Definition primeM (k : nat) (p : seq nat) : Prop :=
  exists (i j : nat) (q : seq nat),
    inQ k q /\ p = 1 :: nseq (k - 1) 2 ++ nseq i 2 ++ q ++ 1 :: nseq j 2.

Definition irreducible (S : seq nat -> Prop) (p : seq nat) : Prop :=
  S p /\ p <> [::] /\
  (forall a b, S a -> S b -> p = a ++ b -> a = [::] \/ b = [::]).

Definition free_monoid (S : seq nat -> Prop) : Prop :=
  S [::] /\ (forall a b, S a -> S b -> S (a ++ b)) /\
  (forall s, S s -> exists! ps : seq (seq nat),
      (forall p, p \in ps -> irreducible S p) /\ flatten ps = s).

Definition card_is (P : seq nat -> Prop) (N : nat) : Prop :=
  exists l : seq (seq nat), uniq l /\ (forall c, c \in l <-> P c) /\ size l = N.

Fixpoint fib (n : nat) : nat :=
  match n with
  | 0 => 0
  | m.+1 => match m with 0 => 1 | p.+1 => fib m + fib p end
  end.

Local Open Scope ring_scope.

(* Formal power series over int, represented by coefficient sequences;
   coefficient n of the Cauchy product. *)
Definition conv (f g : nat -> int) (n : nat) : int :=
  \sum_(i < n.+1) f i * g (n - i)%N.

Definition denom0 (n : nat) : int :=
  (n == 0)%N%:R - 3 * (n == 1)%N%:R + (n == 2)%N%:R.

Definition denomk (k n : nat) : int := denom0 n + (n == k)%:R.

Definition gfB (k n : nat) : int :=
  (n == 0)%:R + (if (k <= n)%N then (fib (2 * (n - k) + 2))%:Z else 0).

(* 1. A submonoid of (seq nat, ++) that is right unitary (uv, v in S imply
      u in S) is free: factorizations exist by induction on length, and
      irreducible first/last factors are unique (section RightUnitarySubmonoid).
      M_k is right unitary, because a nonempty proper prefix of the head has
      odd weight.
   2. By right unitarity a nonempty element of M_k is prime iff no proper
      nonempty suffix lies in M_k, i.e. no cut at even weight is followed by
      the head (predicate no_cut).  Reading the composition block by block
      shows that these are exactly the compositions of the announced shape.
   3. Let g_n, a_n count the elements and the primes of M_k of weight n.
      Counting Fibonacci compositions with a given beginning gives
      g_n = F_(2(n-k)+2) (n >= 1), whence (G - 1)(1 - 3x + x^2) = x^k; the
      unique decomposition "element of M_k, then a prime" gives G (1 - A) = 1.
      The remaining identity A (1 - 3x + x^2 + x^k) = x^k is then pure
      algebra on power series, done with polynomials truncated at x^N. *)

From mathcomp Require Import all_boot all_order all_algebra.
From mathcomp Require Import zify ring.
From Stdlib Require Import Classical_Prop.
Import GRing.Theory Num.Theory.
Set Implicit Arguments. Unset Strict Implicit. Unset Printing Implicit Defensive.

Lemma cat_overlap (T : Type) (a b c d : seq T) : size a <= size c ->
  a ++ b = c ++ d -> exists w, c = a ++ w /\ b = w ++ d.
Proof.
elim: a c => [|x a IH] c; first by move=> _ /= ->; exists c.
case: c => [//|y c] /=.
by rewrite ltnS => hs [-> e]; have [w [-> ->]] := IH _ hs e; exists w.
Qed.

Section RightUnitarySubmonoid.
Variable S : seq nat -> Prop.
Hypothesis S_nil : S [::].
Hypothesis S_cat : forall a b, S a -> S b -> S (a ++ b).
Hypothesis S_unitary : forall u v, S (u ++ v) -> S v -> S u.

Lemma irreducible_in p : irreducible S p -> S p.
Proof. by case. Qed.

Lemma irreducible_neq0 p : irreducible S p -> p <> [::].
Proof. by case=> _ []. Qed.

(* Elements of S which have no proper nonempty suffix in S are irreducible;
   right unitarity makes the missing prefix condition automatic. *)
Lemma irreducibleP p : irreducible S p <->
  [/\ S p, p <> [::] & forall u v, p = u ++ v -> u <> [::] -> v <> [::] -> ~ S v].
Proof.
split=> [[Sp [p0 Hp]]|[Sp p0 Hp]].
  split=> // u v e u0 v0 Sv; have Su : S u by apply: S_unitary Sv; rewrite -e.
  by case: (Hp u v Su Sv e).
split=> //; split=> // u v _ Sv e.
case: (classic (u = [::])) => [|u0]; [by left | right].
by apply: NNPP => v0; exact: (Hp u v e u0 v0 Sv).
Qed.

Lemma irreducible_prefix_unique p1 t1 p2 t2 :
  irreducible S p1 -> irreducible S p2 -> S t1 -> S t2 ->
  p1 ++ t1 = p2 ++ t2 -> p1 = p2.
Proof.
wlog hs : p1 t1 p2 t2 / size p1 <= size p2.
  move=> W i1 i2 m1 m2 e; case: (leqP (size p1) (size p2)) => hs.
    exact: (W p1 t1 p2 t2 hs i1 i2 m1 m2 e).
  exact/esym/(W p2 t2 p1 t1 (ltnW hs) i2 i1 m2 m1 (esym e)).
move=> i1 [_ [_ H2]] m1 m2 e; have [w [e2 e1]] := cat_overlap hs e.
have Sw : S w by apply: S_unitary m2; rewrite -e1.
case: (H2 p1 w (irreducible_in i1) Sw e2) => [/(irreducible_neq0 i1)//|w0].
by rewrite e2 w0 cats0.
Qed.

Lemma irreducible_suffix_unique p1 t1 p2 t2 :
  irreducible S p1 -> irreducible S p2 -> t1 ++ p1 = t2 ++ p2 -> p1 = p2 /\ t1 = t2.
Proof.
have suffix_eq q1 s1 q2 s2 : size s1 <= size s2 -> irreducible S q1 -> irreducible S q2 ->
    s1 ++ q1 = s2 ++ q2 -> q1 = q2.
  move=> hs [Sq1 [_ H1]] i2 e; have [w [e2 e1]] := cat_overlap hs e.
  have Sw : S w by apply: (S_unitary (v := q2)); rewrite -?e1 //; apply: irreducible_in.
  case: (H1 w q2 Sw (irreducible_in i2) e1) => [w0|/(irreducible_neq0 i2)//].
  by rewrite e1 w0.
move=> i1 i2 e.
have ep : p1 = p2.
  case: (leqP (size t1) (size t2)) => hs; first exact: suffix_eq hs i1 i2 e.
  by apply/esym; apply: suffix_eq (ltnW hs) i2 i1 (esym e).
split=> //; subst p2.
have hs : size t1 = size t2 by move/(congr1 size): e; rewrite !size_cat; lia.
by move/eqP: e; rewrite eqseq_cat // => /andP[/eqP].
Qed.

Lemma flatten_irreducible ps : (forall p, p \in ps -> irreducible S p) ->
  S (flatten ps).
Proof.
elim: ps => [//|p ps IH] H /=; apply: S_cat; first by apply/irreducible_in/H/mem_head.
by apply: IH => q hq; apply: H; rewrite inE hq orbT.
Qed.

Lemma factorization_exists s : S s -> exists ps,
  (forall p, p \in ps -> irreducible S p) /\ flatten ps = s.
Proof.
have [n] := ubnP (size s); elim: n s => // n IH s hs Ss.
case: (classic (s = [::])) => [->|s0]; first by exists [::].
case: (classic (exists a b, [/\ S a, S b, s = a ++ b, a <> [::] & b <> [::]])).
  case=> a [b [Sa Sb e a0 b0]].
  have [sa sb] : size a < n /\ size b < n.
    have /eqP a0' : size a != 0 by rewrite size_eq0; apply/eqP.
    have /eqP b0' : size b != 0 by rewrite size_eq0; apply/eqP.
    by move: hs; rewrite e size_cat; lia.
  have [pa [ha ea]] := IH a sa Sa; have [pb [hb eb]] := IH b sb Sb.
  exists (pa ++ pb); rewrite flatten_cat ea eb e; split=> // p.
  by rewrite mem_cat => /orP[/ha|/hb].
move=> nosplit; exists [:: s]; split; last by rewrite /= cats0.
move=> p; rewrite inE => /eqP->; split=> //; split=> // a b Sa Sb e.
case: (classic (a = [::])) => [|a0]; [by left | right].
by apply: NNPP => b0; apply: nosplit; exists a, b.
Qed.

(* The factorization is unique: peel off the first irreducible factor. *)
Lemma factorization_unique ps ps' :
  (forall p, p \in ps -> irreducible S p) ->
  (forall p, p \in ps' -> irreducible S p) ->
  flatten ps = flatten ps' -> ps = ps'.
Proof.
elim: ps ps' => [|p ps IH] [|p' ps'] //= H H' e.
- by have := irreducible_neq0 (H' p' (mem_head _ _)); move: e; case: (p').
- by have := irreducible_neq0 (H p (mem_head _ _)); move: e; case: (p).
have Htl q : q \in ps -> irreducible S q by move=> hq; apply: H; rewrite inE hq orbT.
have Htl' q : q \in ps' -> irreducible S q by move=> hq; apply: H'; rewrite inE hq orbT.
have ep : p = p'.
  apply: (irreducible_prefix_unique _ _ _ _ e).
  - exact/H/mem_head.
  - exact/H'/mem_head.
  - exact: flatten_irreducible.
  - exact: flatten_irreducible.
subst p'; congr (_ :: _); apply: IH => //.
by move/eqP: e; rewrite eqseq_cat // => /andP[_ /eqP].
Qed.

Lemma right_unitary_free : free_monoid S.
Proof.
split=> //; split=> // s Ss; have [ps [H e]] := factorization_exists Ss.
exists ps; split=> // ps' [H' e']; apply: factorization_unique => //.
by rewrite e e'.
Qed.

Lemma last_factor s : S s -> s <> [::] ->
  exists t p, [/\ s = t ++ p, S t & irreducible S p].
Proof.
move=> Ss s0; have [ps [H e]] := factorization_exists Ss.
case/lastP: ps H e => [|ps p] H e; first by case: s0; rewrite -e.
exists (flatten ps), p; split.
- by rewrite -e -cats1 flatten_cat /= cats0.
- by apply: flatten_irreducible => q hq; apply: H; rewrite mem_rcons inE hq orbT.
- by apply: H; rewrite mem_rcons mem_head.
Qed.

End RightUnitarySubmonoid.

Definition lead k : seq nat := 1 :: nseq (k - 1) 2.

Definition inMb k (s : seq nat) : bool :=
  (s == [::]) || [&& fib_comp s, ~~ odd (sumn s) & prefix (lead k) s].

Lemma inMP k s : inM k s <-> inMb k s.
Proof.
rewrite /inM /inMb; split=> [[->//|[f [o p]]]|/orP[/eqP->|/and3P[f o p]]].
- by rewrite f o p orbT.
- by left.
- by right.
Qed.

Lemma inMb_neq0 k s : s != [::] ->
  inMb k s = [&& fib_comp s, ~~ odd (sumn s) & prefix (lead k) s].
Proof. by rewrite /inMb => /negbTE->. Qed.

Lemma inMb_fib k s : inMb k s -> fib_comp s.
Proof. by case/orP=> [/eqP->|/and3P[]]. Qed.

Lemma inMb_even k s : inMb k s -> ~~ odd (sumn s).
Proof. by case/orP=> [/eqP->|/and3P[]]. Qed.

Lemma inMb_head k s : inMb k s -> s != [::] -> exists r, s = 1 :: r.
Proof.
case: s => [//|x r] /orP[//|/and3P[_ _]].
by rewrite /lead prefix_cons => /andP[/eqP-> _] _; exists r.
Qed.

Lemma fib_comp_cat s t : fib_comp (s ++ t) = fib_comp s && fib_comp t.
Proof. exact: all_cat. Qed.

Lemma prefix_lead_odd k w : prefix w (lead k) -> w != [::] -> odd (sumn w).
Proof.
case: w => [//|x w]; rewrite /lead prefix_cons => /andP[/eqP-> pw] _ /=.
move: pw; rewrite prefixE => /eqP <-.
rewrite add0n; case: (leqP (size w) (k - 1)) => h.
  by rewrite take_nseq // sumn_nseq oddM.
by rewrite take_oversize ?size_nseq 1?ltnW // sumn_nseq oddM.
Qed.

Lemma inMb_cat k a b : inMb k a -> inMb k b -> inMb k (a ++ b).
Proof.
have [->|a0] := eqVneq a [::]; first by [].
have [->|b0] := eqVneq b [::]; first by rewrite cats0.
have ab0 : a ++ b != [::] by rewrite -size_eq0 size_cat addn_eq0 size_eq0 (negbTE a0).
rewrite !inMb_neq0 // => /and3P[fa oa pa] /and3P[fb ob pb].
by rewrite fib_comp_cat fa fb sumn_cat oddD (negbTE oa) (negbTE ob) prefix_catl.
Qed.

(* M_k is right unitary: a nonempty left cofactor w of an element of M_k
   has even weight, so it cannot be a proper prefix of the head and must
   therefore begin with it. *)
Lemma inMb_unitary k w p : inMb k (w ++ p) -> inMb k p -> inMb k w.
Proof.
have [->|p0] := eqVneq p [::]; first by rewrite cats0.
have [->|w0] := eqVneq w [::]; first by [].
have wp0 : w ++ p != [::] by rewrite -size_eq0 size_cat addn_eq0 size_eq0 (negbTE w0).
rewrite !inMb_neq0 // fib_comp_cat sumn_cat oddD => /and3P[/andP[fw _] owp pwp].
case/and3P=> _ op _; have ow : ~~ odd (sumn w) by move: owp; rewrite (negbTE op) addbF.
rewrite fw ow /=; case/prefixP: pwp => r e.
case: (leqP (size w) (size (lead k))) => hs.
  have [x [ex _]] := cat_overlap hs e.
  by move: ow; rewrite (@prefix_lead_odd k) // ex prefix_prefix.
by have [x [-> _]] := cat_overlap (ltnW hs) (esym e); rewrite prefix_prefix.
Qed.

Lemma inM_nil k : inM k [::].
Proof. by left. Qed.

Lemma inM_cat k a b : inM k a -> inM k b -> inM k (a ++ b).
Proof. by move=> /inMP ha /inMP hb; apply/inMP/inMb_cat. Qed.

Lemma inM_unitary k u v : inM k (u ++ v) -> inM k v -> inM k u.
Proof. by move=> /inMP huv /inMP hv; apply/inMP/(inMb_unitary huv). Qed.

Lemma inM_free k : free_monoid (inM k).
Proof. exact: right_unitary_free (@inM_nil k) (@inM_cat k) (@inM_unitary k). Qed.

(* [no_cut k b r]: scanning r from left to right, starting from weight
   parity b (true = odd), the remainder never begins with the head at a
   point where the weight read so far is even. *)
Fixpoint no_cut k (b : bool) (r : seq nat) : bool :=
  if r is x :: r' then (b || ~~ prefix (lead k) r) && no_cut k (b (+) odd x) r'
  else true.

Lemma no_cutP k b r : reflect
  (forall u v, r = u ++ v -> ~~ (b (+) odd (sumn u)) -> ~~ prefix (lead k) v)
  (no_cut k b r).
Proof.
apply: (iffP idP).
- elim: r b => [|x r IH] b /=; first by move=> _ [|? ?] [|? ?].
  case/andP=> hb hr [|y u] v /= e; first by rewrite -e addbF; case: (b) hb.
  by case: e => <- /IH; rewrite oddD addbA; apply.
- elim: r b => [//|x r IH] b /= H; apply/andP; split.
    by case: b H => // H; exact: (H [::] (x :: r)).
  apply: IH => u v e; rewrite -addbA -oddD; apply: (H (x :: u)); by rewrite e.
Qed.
------------------------------
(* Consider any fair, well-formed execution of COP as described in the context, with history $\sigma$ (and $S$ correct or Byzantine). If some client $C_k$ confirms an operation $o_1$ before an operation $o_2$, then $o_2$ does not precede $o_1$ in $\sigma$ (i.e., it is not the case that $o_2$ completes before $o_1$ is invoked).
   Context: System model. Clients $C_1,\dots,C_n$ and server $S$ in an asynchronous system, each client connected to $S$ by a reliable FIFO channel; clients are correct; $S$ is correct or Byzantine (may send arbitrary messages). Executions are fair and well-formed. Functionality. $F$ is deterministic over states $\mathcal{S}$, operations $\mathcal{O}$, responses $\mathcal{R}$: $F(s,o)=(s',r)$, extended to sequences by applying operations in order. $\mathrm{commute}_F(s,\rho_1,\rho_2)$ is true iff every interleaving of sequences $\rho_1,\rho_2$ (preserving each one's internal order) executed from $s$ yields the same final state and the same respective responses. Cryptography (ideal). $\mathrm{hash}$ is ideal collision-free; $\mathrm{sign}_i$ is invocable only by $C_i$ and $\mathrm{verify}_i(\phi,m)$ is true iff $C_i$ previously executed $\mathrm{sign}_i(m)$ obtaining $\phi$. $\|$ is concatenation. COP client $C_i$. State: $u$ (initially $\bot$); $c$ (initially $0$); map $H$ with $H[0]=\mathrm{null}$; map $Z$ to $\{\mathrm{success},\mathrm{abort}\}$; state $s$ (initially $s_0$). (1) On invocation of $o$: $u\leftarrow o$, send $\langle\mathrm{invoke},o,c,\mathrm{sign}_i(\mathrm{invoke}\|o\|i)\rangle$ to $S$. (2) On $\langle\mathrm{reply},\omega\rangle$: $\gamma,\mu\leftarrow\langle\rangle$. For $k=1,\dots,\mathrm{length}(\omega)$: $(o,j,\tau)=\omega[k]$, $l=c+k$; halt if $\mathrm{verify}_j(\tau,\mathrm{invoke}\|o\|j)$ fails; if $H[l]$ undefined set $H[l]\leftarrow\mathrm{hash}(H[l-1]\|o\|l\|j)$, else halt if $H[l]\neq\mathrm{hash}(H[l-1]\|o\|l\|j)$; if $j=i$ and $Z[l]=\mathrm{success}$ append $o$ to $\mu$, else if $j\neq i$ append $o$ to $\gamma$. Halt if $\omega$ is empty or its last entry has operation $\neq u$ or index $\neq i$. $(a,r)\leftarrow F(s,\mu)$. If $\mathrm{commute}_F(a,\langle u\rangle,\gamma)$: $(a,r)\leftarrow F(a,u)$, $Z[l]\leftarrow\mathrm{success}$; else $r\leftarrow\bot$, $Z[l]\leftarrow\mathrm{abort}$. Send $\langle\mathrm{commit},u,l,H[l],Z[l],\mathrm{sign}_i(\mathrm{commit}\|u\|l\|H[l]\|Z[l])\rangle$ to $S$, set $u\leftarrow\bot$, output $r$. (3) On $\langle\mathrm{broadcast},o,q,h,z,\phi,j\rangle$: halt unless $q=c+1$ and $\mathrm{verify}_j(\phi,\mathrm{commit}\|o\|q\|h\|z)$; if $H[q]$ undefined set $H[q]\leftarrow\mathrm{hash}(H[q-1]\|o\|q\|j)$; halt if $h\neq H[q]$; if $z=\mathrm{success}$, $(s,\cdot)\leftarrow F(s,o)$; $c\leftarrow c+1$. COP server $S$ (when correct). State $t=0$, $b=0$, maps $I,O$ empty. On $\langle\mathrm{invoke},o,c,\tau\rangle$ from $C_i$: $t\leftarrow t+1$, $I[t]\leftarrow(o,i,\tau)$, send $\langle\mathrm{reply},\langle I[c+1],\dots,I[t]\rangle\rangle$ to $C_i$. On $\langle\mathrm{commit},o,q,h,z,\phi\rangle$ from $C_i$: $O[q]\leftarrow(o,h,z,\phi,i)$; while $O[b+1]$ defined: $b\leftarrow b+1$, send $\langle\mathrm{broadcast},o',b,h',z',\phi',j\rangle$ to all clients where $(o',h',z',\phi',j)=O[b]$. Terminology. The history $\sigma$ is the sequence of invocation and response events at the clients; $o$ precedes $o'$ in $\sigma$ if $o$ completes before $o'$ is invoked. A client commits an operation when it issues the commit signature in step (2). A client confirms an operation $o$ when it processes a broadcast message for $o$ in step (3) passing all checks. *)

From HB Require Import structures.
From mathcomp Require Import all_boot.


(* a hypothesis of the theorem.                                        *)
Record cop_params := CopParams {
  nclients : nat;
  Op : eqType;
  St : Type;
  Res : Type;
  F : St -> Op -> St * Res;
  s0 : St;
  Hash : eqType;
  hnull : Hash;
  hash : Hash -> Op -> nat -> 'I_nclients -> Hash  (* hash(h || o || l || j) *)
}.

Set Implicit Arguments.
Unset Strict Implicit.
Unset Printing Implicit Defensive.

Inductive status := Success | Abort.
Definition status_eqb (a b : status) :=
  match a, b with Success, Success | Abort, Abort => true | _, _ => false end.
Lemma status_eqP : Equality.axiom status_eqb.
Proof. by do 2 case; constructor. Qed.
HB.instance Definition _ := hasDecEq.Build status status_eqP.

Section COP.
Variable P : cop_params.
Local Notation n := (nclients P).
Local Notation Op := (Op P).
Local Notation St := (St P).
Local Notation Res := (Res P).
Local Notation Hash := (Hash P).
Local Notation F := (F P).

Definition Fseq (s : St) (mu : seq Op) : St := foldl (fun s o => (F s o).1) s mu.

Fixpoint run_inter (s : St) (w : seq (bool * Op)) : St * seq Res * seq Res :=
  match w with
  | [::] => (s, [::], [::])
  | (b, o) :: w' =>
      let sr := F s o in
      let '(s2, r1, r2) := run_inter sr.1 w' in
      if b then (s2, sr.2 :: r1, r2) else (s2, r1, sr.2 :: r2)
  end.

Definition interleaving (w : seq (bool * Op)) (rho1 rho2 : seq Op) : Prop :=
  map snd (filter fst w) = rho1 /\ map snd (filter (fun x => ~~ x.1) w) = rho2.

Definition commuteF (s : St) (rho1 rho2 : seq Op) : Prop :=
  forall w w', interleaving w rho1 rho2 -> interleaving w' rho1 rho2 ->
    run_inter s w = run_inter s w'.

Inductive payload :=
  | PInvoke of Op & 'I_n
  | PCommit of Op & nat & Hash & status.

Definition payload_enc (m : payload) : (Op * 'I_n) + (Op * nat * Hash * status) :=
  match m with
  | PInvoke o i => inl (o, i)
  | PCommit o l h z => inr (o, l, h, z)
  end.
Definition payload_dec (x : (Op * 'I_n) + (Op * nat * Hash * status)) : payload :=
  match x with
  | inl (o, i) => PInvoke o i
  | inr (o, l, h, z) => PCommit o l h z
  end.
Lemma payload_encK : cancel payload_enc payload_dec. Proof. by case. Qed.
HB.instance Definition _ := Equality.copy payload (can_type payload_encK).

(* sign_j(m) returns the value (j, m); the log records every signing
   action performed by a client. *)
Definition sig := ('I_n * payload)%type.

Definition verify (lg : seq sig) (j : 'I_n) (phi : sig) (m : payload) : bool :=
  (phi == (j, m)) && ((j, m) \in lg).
------------------------------
» **Task to complete**
Starting at the line that contains "Definition primeM (k" and stopping after the line that contains "Counting Fibonacci compositions", write out every line exactly as it appears above, and no other line.

» **Task response**
Definition primeM (k : nat) (p : seq nat) : Prop :=
  exists (i j : nat) (q : seq nat),
    inQ k q /\ p = 1 :: nseq (k - 1) 2 ++ nseq i 2 ++ q ++ 1 :: nseq j 2.

Definition irreducible (S : seq nat -> Prop) (p : seq nat) : Prop :=
  S p /\ p <> [::] /\
  (forall a b, S a -> S b -> p = a ++ b -> a = [::] \/ b = [::]).

Definition free_monoid (S : seq nat -> Prop) : Prop :=
  S [::] /\ (forall a b, S a -> S b -> S (a ++ b)) /\
  (forall s, S s -> exists! ps : seq (seq nat),
      (forall p, p \in ps -> irreducible S p) /\ flatten ps = s).

Definition card_is (P : seq nat -> Prop) (N : nat) : Prop :=
  exists l : seq (seq nat), uniq l /\ (forall c, c \in l <-> P c) /\ size l = N.

Fixpoint fib (n : nat) : nat :=
  match n with
  | 0 => 0
  | m.+1 => match m with 0 => 1 | p.+1 => fib m + fib p end
  end.

Local Open Scope ring_scope.

(* Formal power series over int, represented by coefficient sequences;
   coefficient n of the Cauchy product. *)
Definition conv (f g : nat -> int) (n : nat) : int :=
  \sum_(i < n.+1) f i * g (n - i)%N.

Definition denom0 (n : nat) : int :=
  (n == 0)%N%:R - 3 * (n == 1)%N%:R + (n == 2)%N%:R.

Definition denomk (k n : nat) : int := denom0 n + (n == k)%:R.

Definition gfB (k n : nat) : int :=
  (n == 0)%:R + (if (k <= n)%N then (fib (2 * (n - k) + 2))%:Z else 0).

(* 1. A submonoid of (seq nat, ++) that is right unitary (uv, v in S imply
      u in S) is free: factorizations exist by induction on length, and
      irreducible first/last factors are unique (section RightUnitarySubmonoid).
      M_k is right unitary, because a nonempty proper prefix of the head has
      odd weight.
   2. By right unitarity a nonempty element of M_k is prime iff no proper
      nonempty suffix lies in M_k, i.e. no cut at even weight is followed by
      the head (predicate no_cut).  Reading the composition block by block
      shows that these are exactly the compositions of the announced shape.
   3. Let g_n, a_n count the elements and the primes of M_k of weight n.
      Counting Fibonacci compositions with a given beginning gives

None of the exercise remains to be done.